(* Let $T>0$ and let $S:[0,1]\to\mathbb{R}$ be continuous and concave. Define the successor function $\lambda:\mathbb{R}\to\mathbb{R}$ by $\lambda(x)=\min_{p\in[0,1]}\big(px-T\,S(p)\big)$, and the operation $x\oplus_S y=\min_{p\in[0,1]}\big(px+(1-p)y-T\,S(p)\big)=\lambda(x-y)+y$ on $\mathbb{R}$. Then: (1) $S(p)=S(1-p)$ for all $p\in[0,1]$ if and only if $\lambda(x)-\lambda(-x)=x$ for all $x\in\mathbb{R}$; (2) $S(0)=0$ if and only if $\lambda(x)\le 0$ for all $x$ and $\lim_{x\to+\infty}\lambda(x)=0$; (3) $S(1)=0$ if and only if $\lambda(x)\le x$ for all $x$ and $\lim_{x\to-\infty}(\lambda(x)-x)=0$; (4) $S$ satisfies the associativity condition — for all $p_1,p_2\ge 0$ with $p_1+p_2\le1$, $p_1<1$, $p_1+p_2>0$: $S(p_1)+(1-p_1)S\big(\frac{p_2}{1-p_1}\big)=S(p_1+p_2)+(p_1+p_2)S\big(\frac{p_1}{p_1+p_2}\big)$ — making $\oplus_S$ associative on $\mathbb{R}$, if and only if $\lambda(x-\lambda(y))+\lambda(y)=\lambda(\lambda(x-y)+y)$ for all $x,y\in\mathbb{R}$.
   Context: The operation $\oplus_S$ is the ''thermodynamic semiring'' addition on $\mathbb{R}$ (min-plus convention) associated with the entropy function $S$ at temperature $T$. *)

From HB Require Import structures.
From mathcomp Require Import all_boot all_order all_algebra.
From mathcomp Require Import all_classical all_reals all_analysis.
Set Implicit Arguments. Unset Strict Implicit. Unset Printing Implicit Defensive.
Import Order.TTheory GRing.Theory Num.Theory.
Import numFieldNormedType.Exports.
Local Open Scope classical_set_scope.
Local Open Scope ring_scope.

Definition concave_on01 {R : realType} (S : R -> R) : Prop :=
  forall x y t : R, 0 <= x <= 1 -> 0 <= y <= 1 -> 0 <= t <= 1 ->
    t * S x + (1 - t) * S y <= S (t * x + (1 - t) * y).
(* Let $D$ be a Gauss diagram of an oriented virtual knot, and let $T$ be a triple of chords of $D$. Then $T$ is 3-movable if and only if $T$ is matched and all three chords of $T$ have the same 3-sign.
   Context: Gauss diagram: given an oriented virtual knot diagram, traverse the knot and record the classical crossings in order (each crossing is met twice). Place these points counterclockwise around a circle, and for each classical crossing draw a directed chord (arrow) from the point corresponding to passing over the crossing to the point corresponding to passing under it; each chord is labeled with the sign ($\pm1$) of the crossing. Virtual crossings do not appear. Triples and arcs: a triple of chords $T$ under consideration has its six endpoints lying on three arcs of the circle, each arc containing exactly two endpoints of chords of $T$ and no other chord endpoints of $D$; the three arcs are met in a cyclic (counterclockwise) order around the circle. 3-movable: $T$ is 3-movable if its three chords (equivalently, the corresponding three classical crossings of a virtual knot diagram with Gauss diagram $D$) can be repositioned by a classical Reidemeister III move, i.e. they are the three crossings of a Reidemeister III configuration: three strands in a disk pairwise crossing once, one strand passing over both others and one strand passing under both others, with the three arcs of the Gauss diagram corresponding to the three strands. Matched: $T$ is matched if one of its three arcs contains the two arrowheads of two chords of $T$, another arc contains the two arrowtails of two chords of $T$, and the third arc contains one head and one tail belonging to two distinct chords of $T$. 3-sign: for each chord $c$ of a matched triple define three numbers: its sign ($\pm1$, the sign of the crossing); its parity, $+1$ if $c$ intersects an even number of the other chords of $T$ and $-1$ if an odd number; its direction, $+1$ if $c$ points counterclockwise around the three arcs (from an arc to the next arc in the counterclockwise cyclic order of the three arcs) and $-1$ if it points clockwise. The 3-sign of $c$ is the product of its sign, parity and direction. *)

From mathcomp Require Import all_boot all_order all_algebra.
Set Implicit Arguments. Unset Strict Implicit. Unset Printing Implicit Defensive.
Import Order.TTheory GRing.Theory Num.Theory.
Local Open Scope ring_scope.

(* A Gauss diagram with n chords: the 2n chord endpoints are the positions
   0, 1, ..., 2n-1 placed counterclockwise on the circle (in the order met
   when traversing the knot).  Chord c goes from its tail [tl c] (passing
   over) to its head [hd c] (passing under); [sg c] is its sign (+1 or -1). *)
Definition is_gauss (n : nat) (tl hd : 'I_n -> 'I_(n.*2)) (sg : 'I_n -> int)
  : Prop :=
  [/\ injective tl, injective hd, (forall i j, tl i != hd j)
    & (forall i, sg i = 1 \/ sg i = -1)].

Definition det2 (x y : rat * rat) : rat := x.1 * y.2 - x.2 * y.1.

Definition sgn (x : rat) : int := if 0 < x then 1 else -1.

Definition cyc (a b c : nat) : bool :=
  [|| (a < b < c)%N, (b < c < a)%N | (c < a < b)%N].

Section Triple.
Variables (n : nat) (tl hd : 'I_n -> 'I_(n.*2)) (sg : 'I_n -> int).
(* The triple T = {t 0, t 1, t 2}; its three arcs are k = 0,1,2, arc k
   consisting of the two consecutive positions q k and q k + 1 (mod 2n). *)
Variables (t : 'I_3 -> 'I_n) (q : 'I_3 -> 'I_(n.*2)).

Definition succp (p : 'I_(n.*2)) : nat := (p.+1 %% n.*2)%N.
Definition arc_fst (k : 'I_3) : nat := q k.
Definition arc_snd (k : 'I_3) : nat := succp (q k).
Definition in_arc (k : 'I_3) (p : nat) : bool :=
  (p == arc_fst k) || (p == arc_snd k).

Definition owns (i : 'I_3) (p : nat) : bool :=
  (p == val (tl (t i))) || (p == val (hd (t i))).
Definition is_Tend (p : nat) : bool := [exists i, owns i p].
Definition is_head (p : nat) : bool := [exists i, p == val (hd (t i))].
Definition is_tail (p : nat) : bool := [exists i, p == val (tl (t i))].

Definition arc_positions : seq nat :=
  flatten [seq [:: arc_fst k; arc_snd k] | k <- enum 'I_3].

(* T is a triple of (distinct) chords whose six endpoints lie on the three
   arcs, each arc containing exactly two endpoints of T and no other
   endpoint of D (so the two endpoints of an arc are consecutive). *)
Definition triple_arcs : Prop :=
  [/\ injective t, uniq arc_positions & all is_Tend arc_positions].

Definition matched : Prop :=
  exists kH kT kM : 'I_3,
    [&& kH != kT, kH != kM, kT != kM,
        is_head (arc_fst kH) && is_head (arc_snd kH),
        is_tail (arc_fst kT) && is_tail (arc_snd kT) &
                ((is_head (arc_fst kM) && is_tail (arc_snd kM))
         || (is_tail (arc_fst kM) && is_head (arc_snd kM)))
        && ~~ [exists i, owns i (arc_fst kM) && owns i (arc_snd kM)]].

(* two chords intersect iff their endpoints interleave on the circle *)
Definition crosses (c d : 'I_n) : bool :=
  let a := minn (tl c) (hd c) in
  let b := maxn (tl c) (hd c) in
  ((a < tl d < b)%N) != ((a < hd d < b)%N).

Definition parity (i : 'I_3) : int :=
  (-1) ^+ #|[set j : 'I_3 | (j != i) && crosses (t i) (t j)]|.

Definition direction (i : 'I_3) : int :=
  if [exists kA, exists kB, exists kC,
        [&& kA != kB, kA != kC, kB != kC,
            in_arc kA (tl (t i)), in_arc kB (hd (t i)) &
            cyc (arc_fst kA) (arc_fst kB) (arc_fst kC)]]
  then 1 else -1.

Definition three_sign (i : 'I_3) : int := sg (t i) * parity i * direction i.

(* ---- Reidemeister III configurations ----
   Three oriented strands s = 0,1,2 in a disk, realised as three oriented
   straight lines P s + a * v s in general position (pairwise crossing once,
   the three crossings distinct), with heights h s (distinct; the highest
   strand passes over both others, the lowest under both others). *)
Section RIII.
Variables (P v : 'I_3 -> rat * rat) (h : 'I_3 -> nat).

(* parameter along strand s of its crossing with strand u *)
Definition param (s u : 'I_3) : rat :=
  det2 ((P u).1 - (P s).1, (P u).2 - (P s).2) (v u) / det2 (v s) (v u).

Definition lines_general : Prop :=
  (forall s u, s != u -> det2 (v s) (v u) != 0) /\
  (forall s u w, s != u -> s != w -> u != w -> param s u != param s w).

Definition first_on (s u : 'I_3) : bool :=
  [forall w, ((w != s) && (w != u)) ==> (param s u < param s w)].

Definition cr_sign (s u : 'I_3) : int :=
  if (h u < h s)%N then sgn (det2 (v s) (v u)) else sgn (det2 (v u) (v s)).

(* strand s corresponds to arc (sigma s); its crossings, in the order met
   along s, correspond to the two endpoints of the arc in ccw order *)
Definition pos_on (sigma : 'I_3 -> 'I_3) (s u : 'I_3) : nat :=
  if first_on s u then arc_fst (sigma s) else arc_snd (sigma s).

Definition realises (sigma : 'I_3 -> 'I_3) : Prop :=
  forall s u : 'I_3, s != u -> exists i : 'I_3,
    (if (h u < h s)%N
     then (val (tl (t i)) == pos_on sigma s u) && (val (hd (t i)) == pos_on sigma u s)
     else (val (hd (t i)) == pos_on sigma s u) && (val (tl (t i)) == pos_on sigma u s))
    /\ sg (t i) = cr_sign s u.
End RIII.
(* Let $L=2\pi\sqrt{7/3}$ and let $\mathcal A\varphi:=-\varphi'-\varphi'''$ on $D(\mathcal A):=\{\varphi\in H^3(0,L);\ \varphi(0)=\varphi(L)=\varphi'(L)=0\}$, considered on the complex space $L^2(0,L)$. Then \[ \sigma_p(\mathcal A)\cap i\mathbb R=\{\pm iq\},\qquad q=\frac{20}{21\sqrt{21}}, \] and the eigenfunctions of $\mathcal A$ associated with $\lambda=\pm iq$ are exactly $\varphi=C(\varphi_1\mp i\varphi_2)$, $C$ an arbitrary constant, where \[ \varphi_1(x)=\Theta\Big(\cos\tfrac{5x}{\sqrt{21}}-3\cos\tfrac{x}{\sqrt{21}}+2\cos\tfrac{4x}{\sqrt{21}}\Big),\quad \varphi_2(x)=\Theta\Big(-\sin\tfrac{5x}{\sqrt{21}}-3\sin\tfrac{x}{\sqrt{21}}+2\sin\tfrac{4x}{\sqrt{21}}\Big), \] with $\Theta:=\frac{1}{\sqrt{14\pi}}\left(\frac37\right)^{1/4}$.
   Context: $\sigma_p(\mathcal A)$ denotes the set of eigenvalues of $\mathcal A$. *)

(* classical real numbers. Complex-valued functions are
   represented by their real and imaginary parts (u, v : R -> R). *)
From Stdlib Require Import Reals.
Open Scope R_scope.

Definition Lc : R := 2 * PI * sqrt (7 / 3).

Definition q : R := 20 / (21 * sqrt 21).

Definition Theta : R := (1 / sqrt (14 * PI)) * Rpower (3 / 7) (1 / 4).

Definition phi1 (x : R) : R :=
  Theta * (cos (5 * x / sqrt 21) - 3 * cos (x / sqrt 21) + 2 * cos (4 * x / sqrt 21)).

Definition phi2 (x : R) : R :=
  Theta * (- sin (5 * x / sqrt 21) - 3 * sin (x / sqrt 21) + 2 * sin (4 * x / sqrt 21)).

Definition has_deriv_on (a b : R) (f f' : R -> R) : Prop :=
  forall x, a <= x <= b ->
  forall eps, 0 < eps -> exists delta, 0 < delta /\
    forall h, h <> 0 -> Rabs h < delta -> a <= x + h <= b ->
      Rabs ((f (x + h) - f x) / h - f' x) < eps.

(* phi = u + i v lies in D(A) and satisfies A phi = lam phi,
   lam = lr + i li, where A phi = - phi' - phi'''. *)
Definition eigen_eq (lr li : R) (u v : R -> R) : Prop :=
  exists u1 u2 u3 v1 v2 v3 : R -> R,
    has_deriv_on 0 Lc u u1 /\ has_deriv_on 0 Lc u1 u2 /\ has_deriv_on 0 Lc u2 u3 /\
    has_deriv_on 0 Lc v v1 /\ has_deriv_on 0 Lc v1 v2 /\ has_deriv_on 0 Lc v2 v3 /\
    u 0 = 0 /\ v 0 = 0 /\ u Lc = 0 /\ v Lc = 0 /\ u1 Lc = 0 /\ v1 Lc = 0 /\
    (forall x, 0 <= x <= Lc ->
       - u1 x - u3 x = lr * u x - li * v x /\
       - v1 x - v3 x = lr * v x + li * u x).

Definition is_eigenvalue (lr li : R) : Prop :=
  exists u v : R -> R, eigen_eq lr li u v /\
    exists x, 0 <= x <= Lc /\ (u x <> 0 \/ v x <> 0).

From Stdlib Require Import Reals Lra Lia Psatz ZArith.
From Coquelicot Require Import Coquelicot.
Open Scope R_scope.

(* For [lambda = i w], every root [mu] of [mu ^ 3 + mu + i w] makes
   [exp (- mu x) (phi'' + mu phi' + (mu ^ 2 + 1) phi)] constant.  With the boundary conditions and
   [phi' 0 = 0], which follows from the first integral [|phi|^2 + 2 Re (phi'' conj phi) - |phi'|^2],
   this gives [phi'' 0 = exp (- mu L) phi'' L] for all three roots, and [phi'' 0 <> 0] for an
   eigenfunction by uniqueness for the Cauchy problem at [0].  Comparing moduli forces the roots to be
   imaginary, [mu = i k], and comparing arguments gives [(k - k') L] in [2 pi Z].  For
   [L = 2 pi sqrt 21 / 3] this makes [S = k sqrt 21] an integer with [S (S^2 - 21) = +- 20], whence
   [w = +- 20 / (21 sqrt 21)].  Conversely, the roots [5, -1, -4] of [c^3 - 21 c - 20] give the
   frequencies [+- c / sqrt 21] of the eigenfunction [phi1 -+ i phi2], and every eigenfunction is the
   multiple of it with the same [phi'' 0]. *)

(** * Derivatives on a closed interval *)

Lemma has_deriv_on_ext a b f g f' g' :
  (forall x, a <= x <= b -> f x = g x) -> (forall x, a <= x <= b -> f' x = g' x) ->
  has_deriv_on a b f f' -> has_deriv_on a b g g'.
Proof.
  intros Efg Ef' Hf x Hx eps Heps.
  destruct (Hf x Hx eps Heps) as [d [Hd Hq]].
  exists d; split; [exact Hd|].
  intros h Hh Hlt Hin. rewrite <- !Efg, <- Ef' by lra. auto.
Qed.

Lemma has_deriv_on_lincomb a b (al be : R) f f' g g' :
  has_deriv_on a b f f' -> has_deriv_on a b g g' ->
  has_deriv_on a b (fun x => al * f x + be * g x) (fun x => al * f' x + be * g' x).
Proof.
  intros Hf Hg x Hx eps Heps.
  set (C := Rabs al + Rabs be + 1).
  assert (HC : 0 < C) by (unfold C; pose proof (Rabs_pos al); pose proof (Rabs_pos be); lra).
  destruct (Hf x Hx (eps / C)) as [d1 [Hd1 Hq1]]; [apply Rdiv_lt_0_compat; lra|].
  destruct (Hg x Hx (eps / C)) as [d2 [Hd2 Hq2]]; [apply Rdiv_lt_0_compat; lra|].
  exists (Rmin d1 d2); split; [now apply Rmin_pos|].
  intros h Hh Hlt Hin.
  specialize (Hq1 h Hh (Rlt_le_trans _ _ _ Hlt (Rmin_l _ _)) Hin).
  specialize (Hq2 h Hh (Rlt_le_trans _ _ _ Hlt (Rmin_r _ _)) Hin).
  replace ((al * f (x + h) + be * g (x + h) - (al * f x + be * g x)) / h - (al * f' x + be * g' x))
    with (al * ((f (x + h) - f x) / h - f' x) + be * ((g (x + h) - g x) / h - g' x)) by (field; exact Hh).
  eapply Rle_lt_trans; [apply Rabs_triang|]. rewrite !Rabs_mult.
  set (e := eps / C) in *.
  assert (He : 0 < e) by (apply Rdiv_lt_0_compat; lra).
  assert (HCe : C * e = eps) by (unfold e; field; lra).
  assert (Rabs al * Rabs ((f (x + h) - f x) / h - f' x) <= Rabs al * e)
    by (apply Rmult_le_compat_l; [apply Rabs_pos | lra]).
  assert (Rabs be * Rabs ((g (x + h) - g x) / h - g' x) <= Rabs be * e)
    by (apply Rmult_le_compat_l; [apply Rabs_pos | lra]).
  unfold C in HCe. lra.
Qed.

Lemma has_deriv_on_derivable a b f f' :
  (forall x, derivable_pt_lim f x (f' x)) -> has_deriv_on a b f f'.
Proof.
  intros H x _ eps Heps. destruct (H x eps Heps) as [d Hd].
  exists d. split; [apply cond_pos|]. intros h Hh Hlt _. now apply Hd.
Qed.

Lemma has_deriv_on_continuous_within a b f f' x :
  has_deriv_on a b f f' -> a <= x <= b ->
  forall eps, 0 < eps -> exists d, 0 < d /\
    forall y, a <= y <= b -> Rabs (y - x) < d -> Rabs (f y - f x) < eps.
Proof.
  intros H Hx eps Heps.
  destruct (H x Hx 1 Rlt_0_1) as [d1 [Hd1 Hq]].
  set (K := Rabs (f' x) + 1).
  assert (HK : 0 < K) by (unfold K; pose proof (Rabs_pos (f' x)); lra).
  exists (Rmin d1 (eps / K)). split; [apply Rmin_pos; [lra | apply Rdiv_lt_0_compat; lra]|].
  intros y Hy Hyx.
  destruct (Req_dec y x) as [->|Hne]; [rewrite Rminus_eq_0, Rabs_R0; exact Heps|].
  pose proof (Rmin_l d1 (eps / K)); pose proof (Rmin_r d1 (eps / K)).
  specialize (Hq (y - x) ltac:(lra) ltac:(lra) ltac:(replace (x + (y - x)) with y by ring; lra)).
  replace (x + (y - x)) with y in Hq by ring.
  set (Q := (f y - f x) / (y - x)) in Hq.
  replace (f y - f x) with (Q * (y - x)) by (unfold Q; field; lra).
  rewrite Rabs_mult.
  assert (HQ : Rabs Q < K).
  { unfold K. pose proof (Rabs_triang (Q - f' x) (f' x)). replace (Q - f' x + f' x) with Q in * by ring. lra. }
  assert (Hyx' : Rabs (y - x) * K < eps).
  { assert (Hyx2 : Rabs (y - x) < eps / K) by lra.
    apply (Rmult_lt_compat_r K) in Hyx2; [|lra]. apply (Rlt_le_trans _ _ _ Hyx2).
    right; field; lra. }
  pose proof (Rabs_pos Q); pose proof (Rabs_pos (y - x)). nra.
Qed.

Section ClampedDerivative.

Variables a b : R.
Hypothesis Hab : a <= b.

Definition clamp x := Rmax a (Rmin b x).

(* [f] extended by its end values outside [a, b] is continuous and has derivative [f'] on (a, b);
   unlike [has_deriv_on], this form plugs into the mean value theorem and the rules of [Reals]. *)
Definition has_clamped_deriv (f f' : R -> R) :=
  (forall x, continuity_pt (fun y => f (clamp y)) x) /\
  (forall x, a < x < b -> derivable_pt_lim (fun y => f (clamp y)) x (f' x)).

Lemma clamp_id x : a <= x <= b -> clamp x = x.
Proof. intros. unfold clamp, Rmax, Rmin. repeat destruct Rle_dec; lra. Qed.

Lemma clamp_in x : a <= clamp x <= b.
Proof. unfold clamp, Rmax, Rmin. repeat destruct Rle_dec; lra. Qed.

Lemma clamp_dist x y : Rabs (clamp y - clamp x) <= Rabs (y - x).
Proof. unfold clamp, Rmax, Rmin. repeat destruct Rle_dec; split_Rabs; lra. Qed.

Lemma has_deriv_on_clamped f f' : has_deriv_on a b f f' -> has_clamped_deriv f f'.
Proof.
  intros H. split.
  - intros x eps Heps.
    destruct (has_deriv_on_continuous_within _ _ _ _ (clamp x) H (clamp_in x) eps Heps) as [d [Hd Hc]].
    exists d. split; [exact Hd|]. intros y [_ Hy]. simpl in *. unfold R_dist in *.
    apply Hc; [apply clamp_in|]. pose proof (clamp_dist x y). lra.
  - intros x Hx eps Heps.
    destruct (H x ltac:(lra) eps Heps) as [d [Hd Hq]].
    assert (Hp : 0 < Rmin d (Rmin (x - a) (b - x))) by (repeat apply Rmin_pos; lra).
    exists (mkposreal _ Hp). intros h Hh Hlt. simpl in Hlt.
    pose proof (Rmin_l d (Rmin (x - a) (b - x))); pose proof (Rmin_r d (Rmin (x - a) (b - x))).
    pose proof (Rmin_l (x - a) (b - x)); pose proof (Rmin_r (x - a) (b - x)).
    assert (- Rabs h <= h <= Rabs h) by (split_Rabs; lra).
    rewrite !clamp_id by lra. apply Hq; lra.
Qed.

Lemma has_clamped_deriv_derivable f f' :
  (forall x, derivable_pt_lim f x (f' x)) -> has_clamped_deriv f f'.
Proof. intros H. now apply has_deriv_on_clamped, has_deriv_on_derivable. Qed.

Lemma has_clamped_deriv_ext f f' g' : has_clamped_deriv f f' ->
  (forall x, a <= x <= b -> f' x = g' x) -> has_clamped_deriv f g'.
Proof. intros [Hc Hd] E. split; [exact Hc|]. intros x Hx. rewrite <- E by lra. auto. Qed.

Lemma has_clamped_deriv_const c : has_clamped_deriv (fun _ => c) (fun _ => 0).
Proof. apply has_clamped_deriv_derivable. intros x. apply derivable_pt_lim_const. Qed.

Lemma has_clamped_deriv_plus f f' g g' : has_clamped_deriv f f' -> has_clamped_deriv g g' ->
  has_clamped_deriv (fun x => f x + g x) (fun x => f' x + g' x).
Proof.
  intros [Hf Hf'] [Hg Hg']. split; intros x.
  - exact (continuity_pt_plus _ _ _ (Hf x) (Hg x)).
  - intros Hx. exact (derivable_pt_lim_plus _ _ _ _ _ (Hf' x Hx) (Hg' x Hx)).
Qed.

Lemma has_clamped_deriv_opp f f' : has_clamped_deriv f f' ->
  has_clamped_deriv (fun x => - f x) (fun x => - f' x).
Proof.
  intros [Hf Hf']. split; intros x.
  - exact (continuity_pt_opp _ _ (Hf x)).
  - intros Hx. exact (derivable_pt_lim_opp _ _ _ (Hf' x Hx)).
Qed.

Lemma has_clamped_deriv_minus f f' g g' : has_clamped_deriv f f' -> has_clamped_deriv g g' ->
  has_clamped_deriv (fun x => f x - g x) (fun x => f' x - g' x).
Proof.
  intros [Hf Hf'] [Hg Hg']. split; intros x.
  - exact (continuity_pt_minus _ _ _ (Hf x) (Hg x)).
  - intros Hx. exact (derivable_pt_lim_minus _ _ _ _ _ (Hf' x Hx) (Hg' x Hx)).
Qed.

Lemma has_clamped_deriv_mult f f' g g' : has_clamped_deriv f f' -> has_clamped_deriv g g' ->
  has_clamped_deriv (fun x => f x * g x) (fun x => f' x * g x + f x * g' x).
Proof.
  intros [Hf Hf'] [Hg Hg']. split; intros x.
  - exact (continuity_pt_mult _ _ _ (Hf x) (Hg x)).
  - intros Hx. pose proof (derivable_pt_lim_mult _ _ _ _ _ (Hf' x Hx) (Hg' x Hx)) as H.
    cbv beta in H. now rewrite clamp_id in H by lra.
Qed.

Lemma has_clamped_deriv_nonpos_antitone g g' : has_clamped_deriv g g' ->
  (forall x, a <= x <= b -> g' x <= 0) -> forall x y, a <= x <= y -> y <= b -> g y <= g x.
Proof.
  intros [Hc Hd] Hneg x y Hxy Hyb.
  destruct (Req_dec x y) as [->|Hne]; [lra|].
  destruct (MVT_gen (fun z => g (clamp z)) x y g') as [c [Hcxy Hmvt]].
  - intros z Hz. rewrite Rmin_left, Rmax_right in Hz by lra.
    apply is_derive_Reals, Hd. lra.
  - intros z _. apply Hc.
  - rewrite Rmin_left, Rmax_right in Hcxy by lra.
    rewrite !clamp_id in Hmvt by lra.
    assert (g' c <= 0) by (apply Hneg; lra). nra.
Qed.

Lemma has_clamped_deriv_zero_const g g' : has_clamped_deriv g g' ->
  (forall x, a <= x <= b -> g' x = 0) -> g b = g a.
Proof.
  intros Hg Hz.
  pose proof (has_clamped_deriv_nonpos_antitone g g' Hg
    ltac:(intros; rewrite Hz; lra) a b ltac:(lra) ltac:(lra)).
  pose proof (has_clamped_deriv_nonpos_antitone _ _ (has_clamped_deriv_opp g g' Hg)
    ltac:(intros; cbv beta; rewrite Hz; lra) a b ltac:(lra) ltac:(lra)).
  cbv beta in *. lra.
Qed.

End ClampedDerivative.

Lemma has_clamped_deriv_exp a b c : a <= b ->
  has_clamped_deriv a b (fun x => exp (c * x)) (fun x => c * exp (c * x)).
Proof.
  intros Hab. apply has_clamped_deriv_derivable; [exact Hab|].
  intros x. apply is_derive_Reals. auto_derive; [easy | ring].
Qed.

**The problem**
Among the lines above, find the one with "pose proof (Rabs_pos Q);" and the one with "(* [f] extended". Quote both and everything between them, exactly.

**Task solution**
  pose proof (Rabs_pos Q); pose proof (Rabs_pos (y - x)). nra.
Qed.

Section ClampedDerivative.

Variables a b : R.
Hypothesis Hab : a <= b.

Definition clamp x := Rmax a (Rmin b x).

(* [f] extended by its end values outside [a, b] is continuous and has derivative [f'] on (a, b);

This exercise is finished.